● **What the task asks**: Find the lines below that contain the word "whose" and count them. Only the number should be given.

(Beginning of Data to examine)

(* A signed graph (loops and multiple edges allowed) is given by a finite
   vertex type V, a finite edge type E, an endpoint map ends : E -> V * V
   (a loop is an edge e with (ends e).1 = (ends e).2), and a sign map
   sgn : E -> bool, where sgn e = true means e is NEGATIVE. *)

Section SignedGraph.
Variables (V E : finType) (ends : E -> V * V) (sgn : E -> bool).

(* degree of v in the spanning subgraph with edge set S; loops count twice *)
Definition deg_in (S : {set E}) (v : V) : nat :=
  \sum_(e in S) (((ends e).1 == v) + ((ends e).2 == v)).

Definition verts_of (S : {set E}) : {set V} :=
  [set v | [exists e in S, ((ends e).1 == v) || ((ends e).2 == v)]].

Definition adj_in (S : {set E}) : rel V :=
  fun u v => [exists e in S, ((ends e == (u, v)) || (ends e == (v, u)))].

Definition circle (C : {set E}) : bool :=
  [&& C != set0,
      [forall v in verts_of C, deg_in C v == 2] &
      [forall u in verts_of C, forall v in verts_of C, connect (adj_in C) u v]].

Definition positive_circle (C : {set E}) : bool :=
  ~~ odd #|[set e in C | sgn e]|.

(* the signed subgraph with edge set S (on any vertex set containing its
   endpoints) is balanced: every circle in it is positive *)
Definition balanced_edgesb (S : {set E}) : bool :=
  [forall C : {set E}, (circle C && (C \subset S)) ==> positive_circle C].

Definition edges_avoiding (X : {set V}) : {set E} :=
  [set e | ((ends e).1 \notin X) && ((ends e).2 \notin X)].

(* frustration index l: least number of edges whose deletion leaves a
   balanced signed graph (F = setT always qualifies) *)
Definition frustration_index : nat :=
  \big[minn/#|E|]_(F : {set E} | balanced_edgesb (~: F)) #|F|.

(* frustration number l_0: least number of vertices whose deletion leaves a
   balanced signed graph (X = setT always qualifies) *)
Definition frustration_number : nat :=
  \big[minn/#|V|]_(X : {set V} | balanced_edgesb (edges_avoiding X)) #|X|.

Definition subcubic : bool := [forall v, deg_in setT v <= 3].

End SignedGraph.

From mathcomp Require Import all_boot zify.
Set Implicit Arguments. Unset Strict Implicit. Unset Printing Implicit Defensive.

(* By Harary's criterion a set of edges is balanced iff some switching
   [s : V -> bool] makes the sign of each of its edges the sum mod 2 of the values of
   [s] at the endpoints.  Deleting one endpoint of every edge of a balancing
   edge set gives [l0 <= l].  Conversely, if deleting [X] balances the graph,
   extend the corresponding switching over [X] so as to minimise the number of
   frustrated edges.  Every frustrated edge meets [X]; and since switching a
   vertex of [X] does not help and its degree is at most 3, each vertex of [X]
   meets at most one frustrated edge.  Hence [l <= l0]. *)

Lemma bigmin_le (I : eqType) (r : seq I) (P : pred I) (F : I -> nat) (d : nat) (i : I) :
  i \in r -> P i -> \big[minn/d]_(j <- r | P j) F j <= F i.
Proof.
elim: r => [//|j r IH]; rewrite inE big_cons => /predU1P[<- ->|ir Pi].
  exact: geq_minl.
by case: (P j); rewrite ?geq_min IH ?orbT.
Qed.

Lemma bigmin_attained (I : finType) (P : pred I) (F : I -> nat) (d : nat) (i0 : I) :
  P i0 -> F i0 <= d -> exists2 i, P i & \big[minn/d]_(j | P j) F j = F i.
Proof.
move=> Pi0 Fi0; case: (arg_minnP F Pi0) => i Pi iF; exists i => //.
apply/eqP; rewrite eqn_leq bigmin_le ?mem_index_enum //=.
apply: (big_ind (leq (F i))) => [|m n|j /iF //]; first exact: leq_trans (iF _ Pi0) Fi0.
by rewrite leq_min => ->.
Qed.

Lemma leq_card_incidence (I J : finType) (R : I -> J -> bool) (A : {set I}) (X : {set J}) :
  (forall i, i \in A -> exists2 j, j \in X & R i j) ->
  (forall j, j \in X -> #|[set i in A | R i j]| <= 1) -> #|A| <= #|X|.
Proof.
move=> cover sparse; rewrite -!sum1_card.
apply: (@leq_trans (\sum_(i in A) \sum_(j in X) (R i j : nat))).
  by apply: leq_sum => i /cover [j jX Rij]; rewrite (bigD1 j) //= Rij.
rewrite exchange_big; apply: leq_sum => j jX; apply: leq_trans (sparse j jX).
rewrite -sum1_card [leqRHS]big_mkcond [leqLHS]big_mkcond /=; apply: leq_sum => i _.
by rewrite inE; case: (i \in A); case: (R i j).
Qed.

(End of Data to examine)

● **Solved exercise**: 2